The task:
Search term "andP": please copy every line of the records below that contains it.

----

(* Let $\langle E,\rightarrow\rangle$ be a computation, $b_1,b_2$ regular predicates and $b=\mathrm{reg}(b_1\vee b_2)$. The graph $S_{\max}(E)$ has the same set of consistent cuts as the slice of $\langle E,\rightarrow\rangle$ with respect to $b$.
   Context: A computation is a directed graph $\langle E, \rightarrow\rangle$ whose vertices (events) are partitioned among processes $p_1,\dots,p_n$; events on each process are totally ordered, each process has an initial event and a final event, the path relation contains Lamport's happened-before relation, and all initial (resp. final) events lie in one strongly connected component. $\top$ is the set of final events and $\mathrm{succ}(e)$ the successor of $e$ on its process. A vertex subset $C$ is a consistent cut if for every edge $(u,v)$, $v\in C$ implies $u\in C$. A predicate (evaluated on non-trivial consistent cuts) is regular if whenever consistent cuts $C_1,C_2$ satisfy it, so do $C_1\cap C_2$ and $C_1\cup C_2$. $\mathrm{reg}(c)$ is the strongest regular predicate implied by $c$. The slice with respect to a predicate $c$ is a directed graph on $E$ whose consistent cuts include every consistent cut satisfying $c$ and which has the fewest consistent cuts among all such graphs. $F_c(e)[i]$ is the earliest event on $p_i$ reachable from $e$ in the slice with respect to $c$. $F_{\max}(e)[i]$ is whichever of $F_{b_1}(e)[i]$, $F_{b_2}(e)[i]$ occurs later on $p_i$. $S_{\max}(E)$ is the directed graph on $E$ with edges from each $e\notin\top$ to $\mathrm{succ}(e)$ and from each $e$ to $F_{\max}(e)[i]$ for every $i$. *)

From mathcomp Require Import all_boot.
Set Implicit Arguments. Unset Strict Implicit. Unset Printing Implicit Defensive.

(* A computation: events E (finite), partitioned among n processes by [proc];
   on each process events are totally ordered by [pos] (injective on each
   process); [msg] is the message relation (for Lamport's happened-before);
   [edge] is the edge relation of the directed graph <E, ->. *)

Section Defs.
Variables (n : nat) (E : finType) (proc : E -> 'I_n) (pos : E -> nat).

Definition initial (e : E) : Prop := forall g, proc g = proc e -> pos e <= pos g.
Definition final (e : E) : Prop := forall g, proc g = proc e -> pos g <= pos e.

Definition is_succ (e f : E) : bool :=
  [&& proc f == proc e, pos e < pos f &
      [forall g, (proc g == proc e) ==> ~~ ((pos e < pos g) && (pos g < pos f))]].

Record computation (msg edge : rel E) : Prop := Computation {
  pos_inj : forall e f, proc e = proc f -> pos e = pos f -> e = f;
  proc_nonempty : forall i : 'I_n, exists e, proc e = i;
  (* the path relation contains happened-before (generated by process order
     and messages; connect is transitive) *)
  proc_order_path : forall e f, proc e = proc f -> pos e < pos f -> connect edge e f;
  msg_path : forall e f, msg e f -> connect edge e f;
  initial_scc : forall e f, initial e -> initial f -> connect edge e f;
  final_scc : forall e f, final e -> final f -> connect edge e f
}.

Definition consistent (G : rel E) (C : {set E}) : bool :=
  [forall u, forall v, G u v ==> (v \in C) ==> (u \in C)].

Definition cuts (G : rel E) : {set {set E}} := [set C | consistent G C].

Definition nontrivial (C : {set E}) : Prop := C != set0 /\ C != setT.

Definition sat (edge : rel E) (c : {set E} -> Prop) (C : {set E}) : Prop :=
  consistent edge C /\ nontrivial C /\ c C.

Definition regular (edge : rel E) (c : {set E} -> Prop) : Prop :=
  forall C1 C2, sat edge c C1 -> sat edge c C2 ->
    c (C1 :&: C2) /\ c (C1 :|: C2).

Definition implies (edge : rel E) (c d : {set E} -> Prop) : Prop :=
  forall C, sat edge c C -> d C.

Definition is_reg (edge : rel E) (c b : {set E} -> Prop) : Prop :=
  [/\ regular edge b, implies edge c b &
      forall b', regular edge b' -> implies edge c b' -> implies edge b b'].

Definition is_slice (edge : rel E) (c : {set E} -> Prop) (G : rel E) : Prop :=
  (forall C, sat edge c C -> consistent G C) /\
  (forall G' : rel E, (forall C, sat edge c C -> consistent G' C) ->
     #|cuts G| <= #|cuts G'|).

Definition earliest (G : rel E) (e v : E) : bool :=
  connect G e v &&
  [forall w, ((proc w == proc v) && connect G e w) ==> (pos v <= pos w)].

(* v = F_max(e)[proc v], with F_{b1}, F_{b2} computed in slices G1, G2 *)
Definition Fmax_edge (G1 G2 : rel E) (e v : E) : bool :=
  [exists v1, exists v2,
     [&& earliest G1 e v1, earliest G2 e v2, proc v1 == proc v2 &
         v == (if pos v1 <= pos v2 then v2 else v1)]].

Definition Smax (G1 G2 : rel E) : rel E :=
  fun u v => is_succ u v || Fmax_edge G1 G2 u v.

End Defs.

From mathcomp Require Import all_boot.
Set Implicit Arguments. Unset Strict Implicit.

(* Minimality of slices makes every cut that is consistent for a slice of [c]
   consistent for any graph respecting all cuts satisfying [c].  Hence cuts
   consistent for [G1] or for [G2] are [G]-consistent, so for an edge [u -> v]
   of [G] neither the events unreachable from [u] in [G1] nor those unreachable
   in [G2] can contain [v]: [v] is reachable from [u] in both slices, and the
   [F_max] edge out of [u] on the process of [v] carries every
   [S_max]-consistent cut containing [v] back to [u].  Conversely
   [S_max]-consistency is a regular predicate implied by [b1 \/ b2], hence by
   [reg (b1 \/ b2)], and minimality of [G] makes every [G]-consistent cut
   [S_max]-consistent. *)

Section Consistency.
Variable E : finType.
Implicit Types (G H : rel E) (C D : {set E}).

Lemma consistentP G C :
  reflect (forall u v, G u v -> v \in C -> u \in C) (consistent G C).
Proof.
apply: (iffP forallP) => [cC u v Guv vC | cC u].
  by move/forallP/(_ v): (cC u); rewrite Guv vC.
by apply/forallP => v; apply/implyP => Guv; apply/implyP; apply: cC.
Qed.

Lemma consistent_connect G C u v :
  consistent G C -> connect G u v -> v \in C -> u \in C.
Proof.
move=> /consistentP cC /connectP [p]; elim: p u => [|w p IHp] u /=.
  by move=> _ ->.
by case/andP=> Guw pw lastE vC; apply: cC Guw _; apply: IHp pw lastE vC.
Qed.

Lemma consistentI G C D :
  consistent G C -> consistent G D -> consistent G (C :&: D).
Proof.
move=> /consistentP cC /consistentP cD; apply/consistentP => u v Guv.
by rewrite !inE => /andP [vC vD]; rewrite (cC _ _ Guv vC) (cD _ _ Guv vD).
Qed.

Lemma consistentU G C D :
  consistent G C -> consistent G D -> consistent G (C :|: D).
Proof.
move=> /consistentP cC /consistentP cD; apply/consistentP => u v Guv.
by rewrite !inE => /orP [vC | vD]; rewrite ?(cC _ _ Guv vC) ?(cD _ _ Guv vD) ?orbT.
Qed.

Lemma consistent_relU G H C :
  consistent (fun u v => G u v || H u v) C = consistent G C && consistent H C.
Proof.
apply/consistentP/andP => [cC | [/consistentP cGC /consistentP cHC]].
  by split; apply/consistentP => u v uv; apply: cC; rewrite uv ?orbT.
by move=> u v /orP [uv | uv]; [apply: cGC uv | apply: cHC uv].
Qed.

Lemma consistent_unreachable G u : consistent G [set x | ~~ connect G u x].
Proof.
apply/consistentP => w v Gwv; rewrite !inE; apply: contra => uw.
exact: connect_trans uw (connect1 Gwv).
Qed.

End Consistency.

Section Slices.
Variables (E : finType) (edge : rel E).

Lemma regular_consistent (H : rel E) : regular edge (fun C => consistent H C).
Proof.
by move=> C D [_ [_ HC]] [_ [_ HD]]; split; [apply: consistentI | apply: consistentU].
Qed.

Lemma sat_or (c d : {set E} -> Prop) C :
  sat edge c C \/ sat edge d C -> sat edge (fun C => c C \/ d C) C.
Proof.
by case=> [[eC [ntC cC]] | [eC [ntC dC]]]; split=> //; split=> //; [left | right].
Qed.

Lemma is_reg_sat (c b : {set E} -> Prop) C :
  is_reg edge c b -> sat edge c C -> sat edge b C.
Proof. by case=> _ cb _ [eC [ntC cC]]; split=> //; split=> //; apply: cb. Qed.

(* Adding the edges of [H] to the slice [S] keeps every cut satisfying [c];
   minimality then forbids losing any cut of [S]. *)
Lemma slice_consistent_sub (c : {set E} -> Prop) (S H : rel E) :
  is_slice edge c S -> (forall C, sat edge c C -> consistent H C) ->
  forall C, consistent S C -> consistent H C.
Proof.
move=> [satS minS] satH C SC.
pose SH u v := S u v || H u v.
have sub_cuts : cuts SH \subset cuts S.
  by apply/subsetP => D; rewrite !inE consistent_relU => /andP [].
have le_cuts : #|cuts S| <= #|cuts SH|.
  by apply: minS => D cD; rewrite consistent_relU satS ?satH.
have /setP/(_ C) : cuts SH = cuts S.
  by apply/eqP; rewrite eqEcard sub_cuts le_cuts.
by rewrite !inE consistent_relU SC /= => ->.
Qed.

End Slices.

Section Processes.
Variables (n : nat) (E : finType) (proc : E -> 'I_n) (pos : E -> nat).
Hypothesis pos_inj : forall e f, proc e = proc f -> pos e = pos f -> e = f.

Definition proc_ordered (H : rel E) : Prop :=
  forall y x, proc y = proc x -> pos y < pos x -> connect H y x.

Lemma consistent_downward (H : rel E) C x y :
  proc_ordered H -> consistent H C ->
  proc y = proc x -> pos y <= pos x -> x \in C -> y \in C.
Proof.
move=> ordH cC yx; rewrite leq_eqVlt => /orP [/eqP yx_pos | lt_yx] xC.
  by rewrite (pos_inj yx yx_pos).
exact: consistent_connect cC (ordH _ _ yx lt_yx) xC.
Qed.

Lemma exists_earliest (G : rel E) e x : connect G e x ->
  exists2 v, earliest proc pos G e v & proc v = proc x /\ pos v <= pos x.
Proof.
move=> ex; pose P w := (proc w == proc x) && connect G e w.
have Px : P x by rewrite /P eqxx ex.
case: (arg_minnP pos Px) => v /andP [/eqP vx ev] minv.
exists v; last by split; rewrite // minv.
rewrite /earliest ev; apply/forallP => w; apply/implyP => /andP [/eqP wv ew].
by apply: minv; rewrite /P wv vx eqxx.
Qed.

Lemma exists_succ y x : proc y = proc x -> pos y < pos x ->
  exists2 s, is_succ proc pos y s & pos s <= pos x.
Proof.
move=> yx lt_yx; pose P z := (proc z == proc y) && (pos y < pos z).
have Px : P x by rewrite /P yx eqxx lt_yx.
case: (arg_minnP pos Px) => s /andP [sy lt_ys] mins.
exists s; last exact: mins.
rewrite /is_succ sy lt_ys; apply/forallP => g; apply/implyP => gy.
apply/negP => /andP [lt_yg lt_gs].
by have := mins g; rewrite /P gy lt_yg leqNgt lt_gs => /(_ isT).
Qed.

Lemma proc_ordered_succ : proc_ordered (is_succ proc pos).
Proof.
move=> y x; have [k] := ubnP (pos x - pos y); elim: k y => // k IHk y.
move=> lt_k yx lt_yx; have [s ys le_sx] := exists_succ yx lt_yx.
have /and3P [/eqP sy lt_ys _] := ys.
have sx : proc s = proc x by rewrite sy.
move: le_sx; rewrite leq_eqVlt => /orP [/eqP sx_pos | lt_sx].
  by rewrite -(pos_inj sx sx_pos) connect1.
apply: connect_trans (connect1 ys) (IHk s _ sx lt_sx).
by rewrite ltnS in lt_k; apply: leq_trans lt_k; rewrite ltn_sub2l.
Qed.

Section Smax.
Variables G1 G2 : rel E.

Lemma Fmax_edge_dominates u w : Fmax_edge proc pos G1 G2 u w ->
  exists v1 v2, [/\ connect G1 u v1 /\ connect G2 u v2,
                    proc v1 = proc w /\ proc v2 = proc w &
                    pos v1 <= pos w /\ pos v2 <= pos w].
Proof.
case/existsP => v1 /existsP [v2 /and4P [/andP [uv1 _] /andP [uv2 _] /eqP v12 /eqP ->]].
by exists v1, v2; case: leqP => [le_12 | /ltnW le_21].
Qed.

Lemma Fmax_edge_below u x : connect G1 u x -> connect G2 u x ->
  exists2 w, Fmax_edge proc pos G1 G2 u w & proc w = proc x /\ pos w <= pos x.
Proof.
move=> ux1 ux2.
have [v1 uv1 [v1x le_v1x]] := exists_earliest ux1.
have [v2 uv2 [v2x le_v2x]] := exists_earliest ux2.
exists (if pos v1 <= pos v2 then v2 else v1); last by case: ifP.
by apply/existsP; exists v1; apply/existsP; exists v2; rewrite uv1 uv2 v1x v2x !eqxx.
Qed.

Lemma proc_ordered_Smax : proc_ordered (Smax proc pos G1 G2).
Proof.
move=> y x yx lt_yx; apply: connect_sub (proc_ordered_succ yx lt_yx) => u v uv.
by apply: connect1; rewrite /Smax uv.
Qed.

Lemma consistent_Smax (edge : rel E) C :
  proc_ordered edge -> consistent edge C ->
  consistent G1 C \/ consistent G2 C -> consistent (Smax proc pos G1 G2) C.
Proof.
move=> ord_edge eC G12C; apply/consistentP => u w /orP [uw | Fuw] wC.
  have /and3P [/eqP wu lt_uw _] := uw.
  exact: consistent_connect eC (ord_edge _ _ (esym wu) lt_uw) wC.
have [v1 [v2 [[uv1 uv2] [v1w v2w] [le_v1w le_v2w]]]] := Fmax_edge_dominates Fuw.
have v1C := consistent_downward ord_edge eC v1w le_v1w wC.
have v2C := consistent_downward ord_edge eC v2w le_v2w wC.
by case: G12C => GC; [exact: consistent_connect GC uv1 v1C
                     | exact: consistent_connect GC uv2 v2C].
Qed.

Lemma Smax_consistent_sub (G : rel E) C :
  (forall D, consistent G1 D -> consistent G D) ->
  (forall D, consistent G2 D -> consistent G D) ->
  consistent (Smax proc pos G1 G2) C -> consistent G C.
Proof.
move=> G1G G2G SC; apply/consistentP => u v Guv vC.
have [/andP [uv1 uv2] | not_both] := boolP (connect G1 u v && connect G2 u v).
  have [w uw [wv le_wv]] := Fmax_edge_below uv1 uv2.
  have wC : w \in C := consistent_downward proc_ordered_Smax SC wv le_wv vC.
  by apply: consistent_connect SC (connect1 _) wC; rewrite /Smax uw orbT.
pose D := [set x | ~~ connect G1 u x] :|: [set x | ~~ connect G2 u x].
have GD : consistent G D.
  by apply: consistentU; [apply: G1G | apply: G2G]; apply: consistent_unreachable.
have vD : v \in D by rewrite !inE -negb_and.
by move/consistentP/(_ u v Guv vD): GD; rewrite !inE !connect0.
Qed.

End Smax.
End Processes.

Theorem theorem15 (n : nat) (E : finType) (proc : E -> 'I_n) (pos : E -> nat)
  (msg edge : rel E) (Hcomp : computation proc pos msg edge)
  (b1 b2 b : {set E} -> Prop)
  (Hb1 : regular edge b1) (Hb2 : regular edge b2)
  (Hb : is_reg edge (fun C => b1 C \/ b2 C) b)
  (G1 G2 G : rel E)
  (HG1 : is_slice edge b1 G1) (HG2 : is_slice edge b2 G2)
  (HG : is_slice edge b G) :
  cuts (Smax proc pos G1 G2) = cuts G.
Proof.
have inj := pos_inj Hcomp.
have ord_edge : proc_ordered proc pos edge := proc_order_path Hcomp.
have G1G := slice_consistent_sub HG1 (fun C b1C =>
  HG.1 C (is_reg_sat Hb (sat_or (or_introl b1C)))).
have G2G := slice_consistent_sub HG2 (fun C b2C =>
  HG.1 C (is_reg_sat Hb (sat_or (or_intror b2C)))).
apply/setP => C; rewrite !inE; apply/idP/idP; first exact: Smax_consistent_sub.
apply: (slice_consistent_sub HG) => D bD.
have [_ _ reg_min] := Hb.
apply: (reg_min _ (@regular_consistent _ edge _) _ D bD).
move=> D' [eD' [ntD' b12D']] /=; apply: (consistent_Smax inj ord_edge eD').
by case: b12D' => [b1D' | b2D']; [left; apply: HG1.1 | right; apply: HG2.1].
Qed.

----

Answer space:
by case/andP=> Guw pw lastE vC; apply: cC Guw _; apply: IHp pw lastE vC.
by rewrite !inE => /andP [vC vD]; rewrite (cC _ _ Guv vC) (cD _ _ Guv vD).
apply/consistentP/andP => [cC | [/consistentP cGC /consistentP cHC]].
  by apply/subsetP => D; rewrite !inE consistent_relU => /andP [].
case: (arg_minnP pos Px) => v /andP [/eqP vx ev] minv.
rewrite /earliest ev; apply/forallP => w; apply/implyP => /andP [/eqP wv ew].
case: (arg_minnP pos Px) => s /andP [sy lt_ys] mins.
apply/negP => /andP [lt_yg lt_gs].
case/existsP => v1 /existsP [v2 /and4P [/andP [uv1 _] /andP [uv2 _] /eqP v12 /eqP ->]].
have [/andP [uv1 uv2] | not_both] := boolP (connect G1 u v && connect G2 u v).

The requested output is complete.